Dataset records:
Lemma ladder_typeII_above r k j : r.+3 <= m -> 2 <= j -> j + 3 * k.+1 <= n ->
  ladder C k r.+2 j -> C r.+1 j.-1 = false \/ C r.+1 j.+1 ->
  exists k' j', typeII m n C k' r j'.
Proof.
move=> hm hj hjn hlad hstart.
have [u /andP [hu0 huk] [hr hempty hLu1 hLu hblock]] :=
  ladder_block_above hm hj hjn hlad hstart.
have hun : (j + 3 * u).+2 <= n by grid_lia.
have [hb hLnext hRprev] := ES_above_empty_run (ltnW hm) (ltnW hj) hun hempty.
pose L w := ~~ C r.+1 (j + 3 * w).+1.
have [s [hsu hrun hs0]] := ex_run_start (P := L) (negbT hLu).
have hsu' : s < u.
  rewrite ltn_neqAle hsu andbT; apply/eqP => es; subst s.
  by move: (hs0 hu0); rewrite /L hLu1.
have hbs : C r.+1 (j + 3 * s).-1 = false.
  case: (posnP s) => [s0 | spos].
    rewrite s0 muln0 addn0; case: hstart => // h.
    by have := hrun 0; rewrite s0 /L muln0 addn0 h leq0n => /(_ isT).
  have hs1 : s.-1 < u by grid_lia.
  have := hs0 spos; rewrite /L negbK => /(hRprev _ hs1).
  by have -> : (j + 3 * s.-1).+2 = (j + 3 * s).-1 by grid_lia.
have has : C r (j + 3 * s) = false.
  apply/negbTE/negP => h.
  have hl : C r (j + 3 * s).-1 by apply: ES_occupied_above hbs; grid_lia.
  have hrr : C r (j + 3 * s).+1.
    by apply: ES_occupied_above; [grid_lia | grid_lia | apply/negbTE/hrun; grid_lia].
  by apply: (ES_unblocked _ _ h hl hrr (hb s hsu)); grid_lia.
exists (u - s).-1, (j + 3 * s); apply: typeII_of_run => //; try grid_lia.
  move=> w hw; have hLw := negbTE (hrun w hw).
  by split => //; apply: hLnext => //; grid_lia.
by move=> w hw; apply: hb; grid_lia.
Qed.

Lemma typeI_climb k i j :
  typeI m n C k i j -> exists r, i = r.+2 /\ exists k' j', typeII m n C k' r j'.
Proof.
move=> [hi him hj hjn [h1 h2 h3 ht]].
have [r ei] : exists r, i = r.+2 by exists i.-2; grid_lia.
subst i; exists r; split => //.
by apply: (ladder_typeII_above _ _ _ (tail_ladder h2 h3 ht)); [grid_lia | grid_lia | grid_lia | left].
Qed.

Lemma typeII_climb k i j :
  typeII m n C k i j -> exists r, i = r.+2 /\ exists k' j', typeII m n C k' r j'.
Proof.
move=> [hi him hj hjn [h1 h2 h3 ht]].
have hg : inGrid m n i j by rewrite /inGrid; grid_lia.
have [hi2 _ _ hb] := ES_altruist_above hg h1 h2 h3.
have [r ei] : exists r, i = r.+2 by exists i.-2; grid_lia.
subst i; exists r; split => //.
by apply: (ladder_typeII_above _ _ _ (tail_ladder h1 h3 ht)); [grid_lia | grid_lia | grid_lia | right].
Qed.

Lemma ES_no_typeII k i j : ~ typeII m n C k i j.
Proof.
elim/ltn_ind: i k j => i IH k j /typeII_climb [r [ei [k' [j' h]]]].
by apply: (IH r _ k' j' h); rewrite ei.
Qed.

Lemma ES_no_typeI k i j : ~ typeI m n C k i j.
Proof. by move=> /typeI_climb [r [_ [k' [j' /ES_no_typeII]]]]. Qed.

End ESFacts.

Lemma blocked_eq m n (D D' : config) a b :
  (forall x y, D x y = D' x y) -> blocked m n D a b <-> blocked m n D' a b.
Proof. by move=> E; rewrite /blocked !E. Qed.

Lemma mirror_blocked m n (D : config) a b : 1 <= b <= n ->
  blocked m n (mirror n D) a b <-> blocked m n D a (n.+1 - b).
Proof.
move=> hb; rewrite /blocked /mirror.
have -> : n.+1 - b.-1 = (n.+1 - b).+1 by grid_lia.
have -> : n.+1 - b.+1 = (n.+1 - b).-1 by grid_lia.
by split=> -[? ? ? ? [? ? ?]]; split => //; try split => //; grid_lia.
Qed.

Lemma mirror_addHouse n (C : config) a b x y : b <= n ->
  addHouse (mirror n C) a b x y = mirror n (addHouse C a (n.+1 - b)) x y.
Proof.
move=> hb; rewrite /addHouse /mirror.
by have -> : (n.+1 - y == n.+1 - b) = (y == b) by apply/eqP/eqP; grid_lia.
Qed.

Lemma blocked_addHouse_mirror m n (C : config) a b x y : b <= n -> 1 <= y <= n ->
  blocked m n (addHouse (mirror n C) a b) x y <->
  blocked m n (addHouse C a (n.+1 - b)) x (n.+1 - y).
Proof.
move=> hb hy; rewrite -mirror_blocked //.
by apply: blocked_eq => u v; apply: mirror_addHouse.
Qed.

Lemma ES_mirror m n (C : config) : ES m n C -> ES m n (mirror n C).
Proof.
move=> [[hperm _] hpred halt].
have grid_mirror a b : inGrid m n a b -> inGrid m n a (n.+1 - b) by rewrite /inGrid; grid_lia.
have hpred' : resistant_predators m n (mirror n C).
  move=> a b hg hc; have hbn : b <= n by case: hg => _ /andP [].
  apply/(blocked_addHouse_mirror m C a a hbn (proj2 hg)).
  exact: hpred (grid_mirror _ _ hg) hc.
split => //.
  split=> [a b hg hc /(mirror_blocked _ _ _ (proj2 hg)) | a b hg hc hp].
    exact: hperm (grid_mirror _ _ hg) hc.
  by apply: (hp a b hg); [rewrite /addHouse !eqxx | apply: hpred'].
move=> a b hg hc.
have [i [j [hgij hne hcij hbl]]] := halt a _ (grid_mirror _ _ hg) hc.
move: hg hgij; rewrite /inGrid => hg hgij.
have ej : n.+1 - (n.+1 - j) = j by grid_lia.
exists i, (n.+1 - j); split.
- by rewrite /inGrid; grid_lia.
- by case=> ei ejb; apply: hne; congr pair; grid_lia.
- by rewrite /mirror ej.
- by apply/blocked_addHouse_mirror; rewrite ?ej //; grid_lia.
Qed.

Exercise objective:
From the first line of the data through the line with "rewrite s0 muln0", quote each line exactly and add nothing else.

Problem solution:
Lemma ladder_typeII_above r k j : r.+3 <= m -> 2 <= j -> j + 3 * k.+1 <= n ->
  ladder C k r.+2 j -> C r.+1 j.-1 = false \/ C r.+1 j.+1 ->
  exists k' j', typeII m n C k' r j'.
Proof.
move=> hm hj hjn hlad hstart.
have [u /andP [hu0 huk] [hr hempty hLu1 hLu hblock]] :=
  ladder_block_above hm hj hjn hlad hstart.
have hun : (j + 3 * u).+2 <= n by grid_lia.
have [hb hLnext hRprev] := ES_above_empty_run (ltnW hm) (ltnW hj) hun hempty.
pose L w := ~~ C r.+1 (j + 3 * w).+1.
have [s [hsu hrun hs0]] := ex_run_start (P := L) (negbT hLu).
have hsu' : s < u.
  rewrite ltn_neqAle hsu andbT; apply/eqP => es; subst s.
  by move: (hs0 hu0); rewrite /L hLu1.
have hbs : C r.+1 (j + 3 * s).-1 = false.
  case: (posnP s) => [s0 | spos].
    rewrite s0 muln0 addn0; case: hstart => // h.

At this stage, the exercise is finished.